Try it
Only certain lines below are wanted: those starting at the line containing "From mathcomp Require Import complex." and ending at the line containing "(* Let $E$ be", both included, each retyped exactly.

Saved entries:
*** Begin section ***
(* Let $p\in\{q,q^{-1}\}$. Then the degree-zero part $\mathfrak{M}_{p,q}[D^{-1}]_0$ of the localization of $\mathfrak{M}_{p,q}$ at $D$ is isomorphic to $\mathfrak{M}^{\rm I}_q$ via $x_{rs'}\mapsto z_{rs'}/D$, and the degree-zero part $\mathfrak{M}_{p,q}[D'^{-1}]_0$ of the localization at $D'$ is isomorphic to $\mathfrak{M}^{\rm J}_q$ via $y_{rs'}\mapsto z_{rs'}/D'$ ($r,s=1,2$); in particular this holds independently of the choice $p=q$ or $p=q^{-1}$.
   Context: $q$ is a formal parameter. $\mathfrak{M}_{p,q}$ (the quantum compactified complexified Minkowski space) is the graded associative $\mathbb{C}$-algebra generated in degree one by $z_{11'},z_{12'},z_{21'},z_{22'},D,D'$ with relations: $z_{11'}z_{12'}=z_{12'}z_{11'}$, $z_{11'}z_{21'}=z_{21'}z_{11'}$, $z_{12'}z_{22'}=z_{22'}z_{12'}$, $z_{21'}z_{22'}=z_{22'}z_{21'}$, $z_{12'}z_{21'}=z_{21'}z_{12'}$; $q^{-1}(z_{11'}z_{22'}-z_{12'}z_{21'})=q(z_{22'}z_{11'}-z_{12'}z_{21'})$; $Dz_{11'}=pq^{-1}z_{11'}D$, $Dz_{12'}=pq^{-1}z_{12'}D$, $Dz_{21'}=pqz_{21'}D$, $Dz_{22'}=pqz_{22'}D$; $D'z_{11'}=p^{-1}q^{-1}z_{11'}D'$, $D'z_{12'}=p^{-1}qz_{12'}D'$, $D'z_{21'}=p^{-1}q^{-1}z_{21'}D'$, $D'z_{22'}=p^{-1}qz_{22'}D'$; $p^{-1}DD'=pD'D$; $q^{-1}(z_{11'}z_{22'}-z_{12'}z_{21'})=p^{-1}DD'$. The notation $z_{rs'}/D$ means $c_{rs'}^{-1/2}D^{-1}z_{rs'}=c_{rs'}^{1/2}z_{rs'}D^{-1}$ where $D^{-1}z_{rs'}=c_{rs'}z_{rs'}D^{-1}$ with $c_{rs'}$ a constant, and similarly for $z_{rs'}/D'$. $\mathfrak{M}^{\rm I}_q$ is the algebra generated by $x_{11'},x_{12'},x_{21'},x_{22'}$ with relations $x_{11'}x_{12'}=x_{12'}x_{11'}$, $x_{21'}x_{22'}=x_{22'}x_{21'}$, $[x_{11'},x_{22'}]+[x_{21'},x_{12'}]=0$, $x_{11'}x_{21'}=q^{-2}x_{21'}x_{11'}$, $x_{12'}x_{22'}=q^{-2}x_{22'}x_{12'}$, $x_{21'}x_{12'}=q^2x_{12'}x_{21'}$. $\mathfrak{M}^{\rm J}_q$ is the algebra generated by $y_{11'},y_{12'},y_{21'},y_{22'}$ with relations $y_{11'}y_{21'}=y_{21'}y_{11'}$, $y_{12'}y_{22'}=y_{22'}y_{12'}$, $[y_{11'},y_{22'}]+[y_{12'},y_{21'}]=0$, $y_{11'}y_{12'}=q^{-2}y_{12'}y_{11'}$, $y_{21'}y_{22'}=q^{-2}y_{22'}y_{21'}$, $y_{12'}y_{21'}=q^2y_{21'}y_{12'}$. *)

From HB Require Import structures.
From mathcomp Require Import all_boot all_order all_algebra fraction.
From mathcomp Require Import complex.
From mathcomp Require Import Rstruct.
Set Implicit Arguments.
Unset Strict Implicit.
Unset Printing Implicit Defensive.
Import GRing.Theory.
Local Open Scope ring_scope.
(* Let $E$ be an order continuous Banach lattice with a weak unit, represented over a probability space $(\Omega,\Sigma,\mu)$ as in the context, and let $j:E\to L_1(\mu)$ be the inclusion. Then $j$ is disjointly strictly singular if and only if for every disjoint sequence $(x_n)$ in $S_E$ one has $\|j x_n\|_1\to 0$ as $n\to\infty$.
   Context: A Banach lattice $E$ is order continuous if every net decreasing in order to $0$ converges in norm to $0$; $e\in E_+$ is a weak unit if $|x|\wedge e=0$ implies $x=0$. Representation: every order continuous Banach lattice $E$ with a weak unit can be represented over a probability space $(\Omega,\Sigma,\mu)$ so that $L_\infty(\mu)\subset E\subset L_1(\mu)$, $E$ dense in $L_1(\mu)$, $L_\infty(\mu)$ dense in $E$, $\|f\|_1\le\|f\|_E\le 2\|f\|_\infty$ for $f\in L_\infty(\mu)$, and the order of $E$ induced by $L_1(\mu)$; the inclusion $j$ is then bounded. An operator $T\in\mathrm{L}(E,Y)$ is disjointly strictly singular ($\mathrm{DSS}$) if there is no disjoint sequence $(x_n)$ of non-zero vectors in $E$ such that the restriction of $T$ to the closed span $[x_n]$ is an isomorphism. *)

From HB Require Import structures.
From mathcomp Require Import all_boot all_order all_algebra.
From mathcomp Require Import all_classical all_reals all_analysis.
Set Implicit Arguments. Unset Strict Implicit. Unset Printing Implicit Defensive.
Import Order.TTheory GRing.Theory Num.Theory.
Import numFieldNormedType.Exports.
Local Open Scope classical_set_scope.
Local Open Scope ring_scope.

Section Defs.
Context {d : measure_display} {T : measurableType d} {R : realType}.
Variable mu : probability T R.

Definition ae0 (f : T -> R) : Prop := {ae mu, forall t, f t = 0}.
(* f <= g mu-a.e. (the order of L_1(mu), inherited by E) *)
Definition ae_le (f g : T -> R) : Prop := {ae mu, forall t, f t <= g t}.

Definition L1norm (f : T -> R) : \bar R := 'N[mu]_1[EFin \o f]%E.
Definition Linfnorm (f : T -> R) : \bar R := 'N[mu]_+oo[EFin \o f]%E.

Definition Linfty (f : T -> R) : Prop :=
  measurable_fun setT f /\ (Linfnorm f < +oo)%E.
*** End section ***
Worked solution
From mathcomp Require Import complex.
From mathcomp Require Import Rstruct.
Set Implicit Arguments.
Unset Strict Implicit.
Unset Printing Implicit Defensive.
Import GRing.Theory.
Local Open Scope ring_scope.
(* Let $E$ be an order continuous Banach lattice with a weak unit, represented over a probability space $(\Omega,\Sigma,\mu)$ as in the context, and let $j:E\to L_1(\mu)$ be the inclusion. Then $j$ is disjointly strictly singular if and only if for every disjoint sequence $(x_n)$ in $S_E$ one has $\|j x_n\|_1\to 0$ as $n\to\infty$.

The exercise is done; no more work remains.